* _Exercise directions_
Up to and including the final line, retype each line of the records below, starting with the one that contains "x + (s.+1%:R)^-1".

BEGIN

Lemma is_derive_v_polar_on S X Y u v :
  Ck_map 1 S D -> Ck_map 1 X D -> Ck_map 1 Y D -> D u v ->
  is_derive (fun t => polar_on S X Y u t) v
    (polar_f (phi_v phi u v) (S u v) (X u v) (Y u v) + polar_on (phi_v S) X Y u v
     + polar_on S (phi_v X) Y u v + polar_on S X (phi_v Y) u v).
Proof.
  intros; apply (is_derive_polar_f (fun t => phi u t) (fun t => S u t) (fun t => X u t)
                   (fun t => Y u t)); apply (Ck_map_is_derive3_v _ D); ck.
Qed.

Lemma metric_on_eq X Y u v : metric_on X Y u v = - / 12 * D2f_on X Y u v.
Proof. apply hess_metric_f_xyz. Qed.

Lemma pdu_metric_on X Y u v : Ck_map 1 X D -> Ck_map 1 Y D -> D u v ->
  pdu (metric_on X Y) u v = - / 12 *
    (polar_on (phi_u phi) X Y u v + D2f_on (phi_u X) Y u v + D2f_on X (phi_u Y) u v).
Proof.
  intros; apply is_derive_unique.
  apply (is_derive_ext (fun t => - / 12 * D2f_on X Y t v));
    [intros; symmetry; apply metric_on_eq |].
  apply is_derive_scal, is_derive_u_D2f_on; assumption.
Qed.

Lemma pdv_metric_on X Y u v : Ck_map 1 X D -> Ck_map 1 Y D -> D u v ->
  pdv (metric_on X Y) u v = - / 12 *
    (polar_on (phi_v phi) X Y u v + D2f_on (phi_v X) Y u v + D2f_on X (phi_v Y) u v).
Proof.
  intros; apply is_derive_unique.
  apply (is_derive_ext (fun t => - / 12 * D2f_on X Y u t));
    [intros; symmetry; apply metric_on_eq |].
  apply is_derive_scal, is_derive_v_D2f_on; assumption.
Qed.

Lemma pdv_pdv_metric_on X Y u v : Ck_map 2 X D -> Ck_map 2 Y D -> D u v ->
  pdv (pdv (metric_on X Y)) u v = - / 12 *
    (polar_f (phi_v phi u v) (phi_v phi u v) (X u v) (Y u v)
     + polar_on (phi_v (phi_v phi)) X Y u v + polar_on (phi_v phi) (phi_v X) Y u v
     + polar_on (phi_v phi) X (phi_v Y) u v
     + (polar_on (phi_v phi) (phi_v X) Y u v + D2f_on (phi_v (phi_v X)) Y u v
        + D2f_on (phi_v X) (phi_v Y) u v)
     + (polar_on (phi_v phi) X (phi_v Y) u v + D2f_on (phi_v X) (phi_v Y) u v
        + D2f_on X (phi_v (phi_v Y)) u v)).
Proof.
  intros HX HY Huv; apply is_derive_unique.
  apply (is_derive_ext_loc (fun t => - / 12 *
    (polar_on (phi_v phi) X Y u t + D2f_on (phi_v X) Y u t + D2f_on X (phi_v Y) u t))).
  { apply (filter_imp (fun t => D u t)); [| exact (near_v u v Huv)].
    intros t Ht; symmetry; apply pdv_metric_on; ck. }
  apply is_derive_scal.
  apply is_derive_Rplus; [apply is_derive_Rplus |].
  - apply is_derive_v_polar_on; ck.
  - apply is_derive_v_D2f_on; ck.
  - apply is_derive_v_D2f_on; ck.
Qed.
(* Under Assumptions A1–A4, let $n_1<n_2$ be two consecutive switch points of the core Two-Tailed Averaging algorithm. Then there exists an evaluation step $n\in[n_1,n_2-E]$ such that $L(n)=\mathcal{O}^E(n)$ or $L(n)=\mathcal{O}_E(n)$.
   Context: Let $\Theta=\mathbb{R}^d$, let $(\theta_t)_{t\in\mathbb{N}_0}$ be a sequence in $\Theta$, let $f\colon\Theta\to\mathbb{R}$ be a loss function, and let $E\in\mathbb{N}$ be the evaluation period. Evaluation steps are the multiples of $E$. For integers $t\ge \Delta\ge 1$ write $\mathrm{avg}(t,\Delta)=\frac{1}{\Delta}\sum_{i=t+1-\Delta}^{t}\theta_i$; set $f(\mathrm{avg}(t,0))=+\infty$. Core Two-Tailed Averaging: it maintains integers $S,L$ and vectors $\theta^S,\theta^L$, initially $S=L=0$, $\theta^S=\theta^L=0$. For $t=1,2,\dots$: first $\theta_t$ is added to both averages, i.e. $\theta^S\leftarrow\theta^S+(\theta_t-\theta^S)/(S+1)$, $S\leftarrow S+1$, and $\theta^L\leftarrow\theta^L+(\theta_t-\theta^L)/(L+1)$, $L\leftarrow L+1$ (so $\theta^S=\mathrm{avg}(t,S)$, $\theta^L=\mathrm{avg}(t,L)$). Then, if $E$ divides $t$: if $f(\theta^S)\le f(\theta^L)$, a switch is performed: $L\leftarrow S$, $\theta^L\leftarrow\theta^S$, $S\leftarrow 0$. $S(t),L(t)$ denote the values after the $t$-th pass through the loop. A time step $n$ is a switch point if a switch is performed at $t=n$; two switch points are consecutive if no switch point lies strictly between them. Optimal length: for $t\ge1$, $\mathcal{O}(t)$ is a (fixed) minimizer of $\Delta\mapsto f(\mathrm{avg}(t,\Delta))$ over $\Delta\in\{1,\dots,t\}$; $\mathcal{O}_E(n)=\lfloor \mathcal{O}(n)/E\rfloor E$ and $\mathcal{O}^E(n)=\lceil \mathcal{O}(n)/E\rceil E$. Assumptions (for all evaluation steps $n\ge E$): A1: $\Delta\mapsto f(\mathrm{avg}(n,\Delta))$ is strictly decreasing on $\Delta\in\{0,E,2E,\dots,\mathcal{O}_E(n)\}$. A2: for every integer $n_+$ with $\mathcal{O}^E(n)\le n_+\le n$, $f(\mathrm{avg}(n,\mathcal{O}^E(n)))\le f(\mathrm{avg}(n,n_+))$. A3: there exists a positive multiple $n_s$ of $E$ with $\mathcal{O}(n+n_s)-\mathcal{O}(n)<n_s$. A4: $\mathcal{O}(n)\le\mathcal{O}(n+E)$. *)

From HB Require Import structures.
From mathcomp Require Import all_boot all_order all_algebra.
From mathcomp Require Import reals constructive_ereal.
Set Implicit Arguments. Unset Strict Implicit. Unset Printing Implicit Defensive.
Import Order.TTheory GRing.Theory Num.Theory.
Local Open Scope ring_scope.

Section TTA.
Variables (R : realType) (d : nat).
Notation vec := 'rV[R]_d.

Definition avg (theta : nat -> vec) (t Delta : nat) : vec :=
  (Delta%:R)^-1 *: \sum_(t.+1 - Delta <= i < t.+1) theta i.

Definition favg (f : vec -> R) (theta : nat -> vec) (t Delta : nat) : \bar R :=
  if Delta == 0%N then +oo%E else (f (avg theta t Delta))%:E.

Record tta_state := TTAState { stS : nat; stL : nat; thS : vec; thL : vec }.

Definition tta_init : tta_state := TTAState 0 0 0 0.

Definition tta_add (th : vec) (st : tta_state) : tta_state :=
  TTAState (stS st).+1 (stL st).+1
    (thS st + ((stS st).+1%:R)^-1 *: (th - thS st))
    (thL st + ((stL st).+1%:R)^-1 *: (th - thL st)).

Definition tta_switch_cond (f : vec -> R) (E t : nat) (st : tta_state) : bool :=
  (E %| t)%N && (f (thS st) <= f (thL st)).

Definition tta_step (f : vec -> R) (E : nat) (theta : nat -> vec) (t : nat)
    (st : tta_state) : tta_state :=
  let st' := tta_add (theta t) st in
  if tta_switch_cond f E t st' then TTAState 0 (stS st') (thS st') (thS st')
  else st'.

Fixpoint tta_run (f : vec -> R) (E : nat) (theta : nat -> vec) (t : nat)
    : tta_state :=
  match t with
  | 0 => tta_init
  | t'.+1 => tta_step f E theta t'.+1 (tta_run f E theta t')
  end.

Definition Lt (f : vec -> R) (E : nat) (theta : nat -> vec) (t : nat) : nat := stL (tta_run f E theta t).
Definition St (f : vec -> R) (E : nat) (theta : nat -> vec) (t : nat) : nat := stS (tta_run f E theta t).

Definition switch_point (f : vec -> R) (E : nat) (theta : nat -> vec) (n : nat) : bool :=
  match n with
  | 0 => false
  | n'.+1 => tta_switch_cond f E n'.+1 (tta_add (theta n'.+1) (tta_run f E theta n'))
  end.

Definition is_opt_length (f : vec -> R) (theta : nat -> vec) (O : nat -> nat) : Prop :=
  forall t, (1 <= t)%N ->
    [/\ (1 <= O t)%N, (O t <= t)%N &
        forall Delta, (1 <= Delta <= t)%N ->
          f (avg theta t (O t)) <= f (avg theta t Delta)].

Definition O_lo (E : nat) (O : nat -> nat) n : nat := (O n %/ E * E)%N.
Definition O_up (E : nat) (O : nat -> nat) n : nat :=
  if (E %| O n)%N then O n else ((O n %/ E).+1 * E)%N.

Definition eval_step (E n : nat) : bool := (E %| n)%N && (E <= n)%N.

Definition A1 (f : vec -> R) (theta : nat -> vec) (E : nat) (O : nat -> nat) : Prop := forall n, eval_step E n ->
  forall k1 k2, (k1 < k2)%N -> (k2 * E <= O_lo E O n)%N ->
    (favg f theta n (k2 * E) < favg f theta n (k1 * E))%E.

Definition A2 (f : vec -> R) (theta : nat -> vec) (E : nat) (O : nat -> nat) : Prop := forall n, eval_step E n ->
  forall np, (O_up E O n <= np <= n)%N ->
    f (avg theta n (O_up E O n)) <= f (avg theta n np).

(* O(n+n_s) - O(n) < n_s, stated in nat without truncated subtraction *)
Definition A3 (E : nat) (O : nat -> nat) : Prop := forall n, eval_step E n ->
  exists ns, [/\ (0 < ns)%N, (E %| ns)%N & (O (n + ns) < O n + ns)%N].

Definition A4 (E : nat) (O : nat -> nat) : Prop := forall n, eval_step E n ->
  (O n <= O (n + E))%N.

End TTA.

From Pilot Require Import Defs.
From HB Require Import structures.
From mathcomp Require Import all_boot all_order all_algebra.
From mathcomp Require Import reals constructive_ereal.
From mathcomp Require Import zify.
Set Implicit Arguments. Unset Strict Implicit.
Import Order.TTheory GRing.Theory Num.Theory.

(* Between two consecutive switches n1 < n2 nothing resets, so S and L grow by
   E per evaluation period and L (n1 + k E) = L n1 + k E.  At the switch n1,
   L n1 is the short tail, which never exceeds O^E: reaching O^E forces a
   switch by A2, and O^E is nondecreasing by A4.  At the switch n2 the long
   tail must exceed O_E (n2), for otherwise A1 would make it strictly better
   than the short tail.  The progression L n1 + k E thus starts below O^E and
   ends above O_E, and since both move monotonically and lie at most E apart,
   it meets one of them at an evaluation step. *)

Section RoundingToMultiples.
Variable E : nat.
Hypothesis E_gt0 : (0 < E)%N.

(* [O_lo E O n] and [O_up E O n] are convertible to [floor_mult E (O n)] and
   [ceil_mult E (O n)]. *)
Definition floor_mult x := (x %/ E * E)%N.
Definition ceil_mult x := if (E %| x)%N then x else ((x %/ E).+1 * E)%N.

Lemma dvdn_floor_mult x : (E %| floor_mult x)%N.
Proof. exact: dvdn_mull. Qed.

Lemma dvdn_ceil_mult x : (E %| ceil_mult x)%N.
Proof. by rewrite /ceil_mult; case: ifP => // _; apply: dvdn_mull. Qed.

Lemma floor_mult_leq x : (floor_mult x <= x)%N.
Proof. exact: leq_divM. Qed.

Lemma ceil_mult_geq x : (x <= ceil_mult x)%N.
Proof. by rewrite /ceil_mult; case: ifP => // _; apply/ltnW/ltn_ceil. Qed.

Lemma ceil_mult_leq_floor_mult x : (ceil_mult x <= floor_mult x + E)%N.
Proof.
rewrite /ceil_mult /floor_mult; case: ifP => [/divnK->|_]; first exact: leq_addr.
by rewrite mulSn addnC.
Qed.

Lemma leq_floor_mult m x : (E %| m)%N -> (m <= x)%N -> (m <= floor_mult x)%N.
Proof. by move=> /dvdnP[c ->] mx; rewrite /floor_mult leq_pmul2r // leq_divRL. Qed.

Lemma ceil_mult_leq m x : (E %| m)%N -> (x <= m)%N -> (ceil_mult x <= m)%N.
Proof.
rewrite /ceil_mult; case: ifP => // Ex /dvdnP[c ->] xm.
rewrite leq_pmul2r // ltn_divLR // ltn_neqAle xm andbT.
by apply: contraFN Ex => /eqP->; apply: dvdn_mull.
Qed.

Lemma floor_mult_homo : {homo floor_mult : x y / (x <= y)%N}.
Proof.
by move=> x y xy; apply: leq_floor_mult (dvdn_floor_mult x) (leq_trans (floor_mult_leq x) xy).
Qed.

Lemma ceil_mult_homo : {homo ceil_mult : x y / (x <= y)%N}.
Proof.
by move=> x y xy; apply: ceil_mult_leq (dvdn_ceil_mult y) (leq_trans xy (ceil_mult_geq y)).
Qed.

Lemma ceil_mult_geE x : (0 < x)%N -> (E <= ceil_mult x)%N.
Proof. by move=> x_gt0; apply: dvdn_leq (dvdn_ceil_mult x); apply: leq_trans (ceil_mult_geq x). Qed.

Lemma dvdn_ltn_addE a b : (E %| a)%N -> (E %| b)%N -> (a < b)%N -> (a + E <= b)%N.
Proof. by move=> /dvdnP[p ->] /dvdnP[q ->]; rewrite ltn_pmul2r // -mulSnr leq_pmul2r. Qed.

Lemma dvdn_between_floor_ceil m x : (E %| m)%N ->
  (floor_mult x <= m <= ceil_mult x)%N -> m = ceil_mult x \/ m = floor_mult x.
Proof.
move=> Em /andP[floor_m m_ceil]; case: (ltngtP (floor_mult x) m) => [lt||->]; last by right.
- left; apply/eqP; rewrite eqn_leq m_ceil.
  exact: leq_trans (ceil_mult_leq_floor_mult x) (dvdn_ltn_addE (dvdn_floor_mult x) Em lt).
- by rewrite ltnNge floor_m.
Qed.

Lemma dvdn_ltn_addmul a b : (E %| a)%N -> (E %| b)%N -> (a < b)%N ->
  exists K, b = (a + K.+1 * E)%N.
Proof.
move=> /dvdnP[p ->] /dvdnP[q ->]; rewrite ltn_pmul2r // => pq.
by exists (q - p.+1); rewrite -mulnDl addnS -addSn subnKC.
Qed.

(* The progression can only jump over the window [floor_mult (o k),
   ceil_mult (o k)] if that window moved past it in one step, which [o]
   nondecreasing forbids. *)
Lemma progression_hits_floor_or_ceil (o : nat -> nat) x K :
  (forall j, o j <= o j.+1)%N -> (E %| x)%N ->
  (x <= ceil_mult (o 0))%N -> (floor_mult (o K) <= x + K * E)%N ->
  exists2 k, (k <= K)%N &
    x + k * E = ceil_mult (o k) \/ x + k * E = floor_mult (o k).
Proof.
move=> o_homo Ex x_ceil.
suff window : forall K, (floor_mult (o K) <= x + K * E)%N ->
    exists2 k, (k <= K)%N & (floor_mult (o k) <= x + k * E <= ceil_mult (o k))%N.
  move=> /window[k kK xk]; exists k => //.
  by apply: dvdn_between_floor_ceil xk; rewrite dvdn_add ?dvdn_mull.
elim=> [|{}K IH] floor_K; first by exists 0%N; rewrite // floor_K mul0n addn0.
have [floor_le|floor_gt] := leqP (floor_mult (o K)) (x + K * E).
  by have [k kK xk] := IH floor_le; exists k => //; apply: leqW.
exists K.+1 => //; rewrite floor_K /= mulSnr addnA.
have := dvdn_ltn_addE (dvdn_add Ex (dvdn_mull _ (dvdnn E))) (dvdn_floor_mult _) floor_gt.
move/leq_trans; apply; apply: leq_trans (floor_mult_homo (o_homo K)) _.
exact: leq_trans (floor_mult_leq _) (ceil_mult_geq _).
Qed.

End RoundingToMultiples.

Section RunningMean.
Local Open Scope ring_scope.
Variables (R : realType) (d : nat) (theta : nat -> 'rV[R]_d).

Lemma avgS t s : (s <= t)%N ->
  avg theta t.+1 s.+1 = (s.+1%:R)^-1 *: (s%:R *: avg theta t s + theta t.+1).
Proof.
move=> st; rewrite /avg subSS big_nat_recr ?leq_subr //=; congr (_ *: (_ + _)).
have [->|s_gt0] := posnP s; first by rewrite subn0 big_geq // scale0r.
by rewrite scalerA mulfV ?scale1r // pnatr_eq0 -lt0n.
Qed.

Lemma running_mean t s (x : 'rV[R]_d) : (s <= t)%N -> (s = 0%N \/ x = avg theta t s) ->
  x + (s.+1%:R)^-1 *: (theta t.+1 - x) = avg theta t.+1 s.+1.
Proof.
move=> st; rewrite avgS //.
case=> [->|->]; first by rewrite invr1 !scale1r scale0r add0r addrC subrK.
set c := (s.+1%:R)^-1 : R; set a := avg theta t s.
have cs : c * s%:R = 1 - c by rewrite -[s%:R](addrK 1) natr1 mulrBr mulr1 mulVf // pnatr_eq0.
by rewrite [RHS]scalerDr scalerA cs scalerBl scale1r scalerBr addrA addrAC.
Qed.

End RunningMean.

Lemma modS_congr m n p : m = n %[mod p] -> m.+1 = n.+1 %[mod p].
Proof. by move=> mn; rewrite -[m.+1]addn1 -[n.+1]addn1 -modnDml mn modnDml. Qed.

Section Run.
Variables (R : realType) (d : nat) (theta : nat -> 'rV[R]_d) (f : 'rV[R]_d -> R).
Variable E : nat.
Hypothesis E_gt0 : (0 < E)%N.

END

* _The answer_
  x + (s.+1%:R)^-1 *: (theta t.+1 - x) = avg theta t.+1 s.+1.
Proof.
move=> st; rewrite avgS //.
case=> [->|->]; first by rewrite invr1 !scale1r scale0r add0r addrC subrK.
set c := (s.+1%:R)^-1 : R; set a := avg theta t s.
have cs : c * s%:R = 1 - c by rewrite -[s%:R](addrK 1) natr1 mulrBr mulr1 mulVf // pnatr_eq0.
by rewrite [RHS]scalerDr scalerA cs scalerBl scale1r scalerBr addrA addrAC.
Qed.

End RunningMean.

Lemma modS_congr m n p : m = n %[mod p] -> m.+1 = n.+1 %[mod p].
Proof. by move=> mn; rewrite -[m.+1]addn1 -[n.+1]addn1 -modnDml mn modnDml. Qed.

Section Run.
Variables (R : realType) (d : nat) (theta : nat -> 'rV[R]_d) (f : 'rV[R]_d -> R).
Variable E : nat.
Hypothesis E_gt0 : (0 < E)%N.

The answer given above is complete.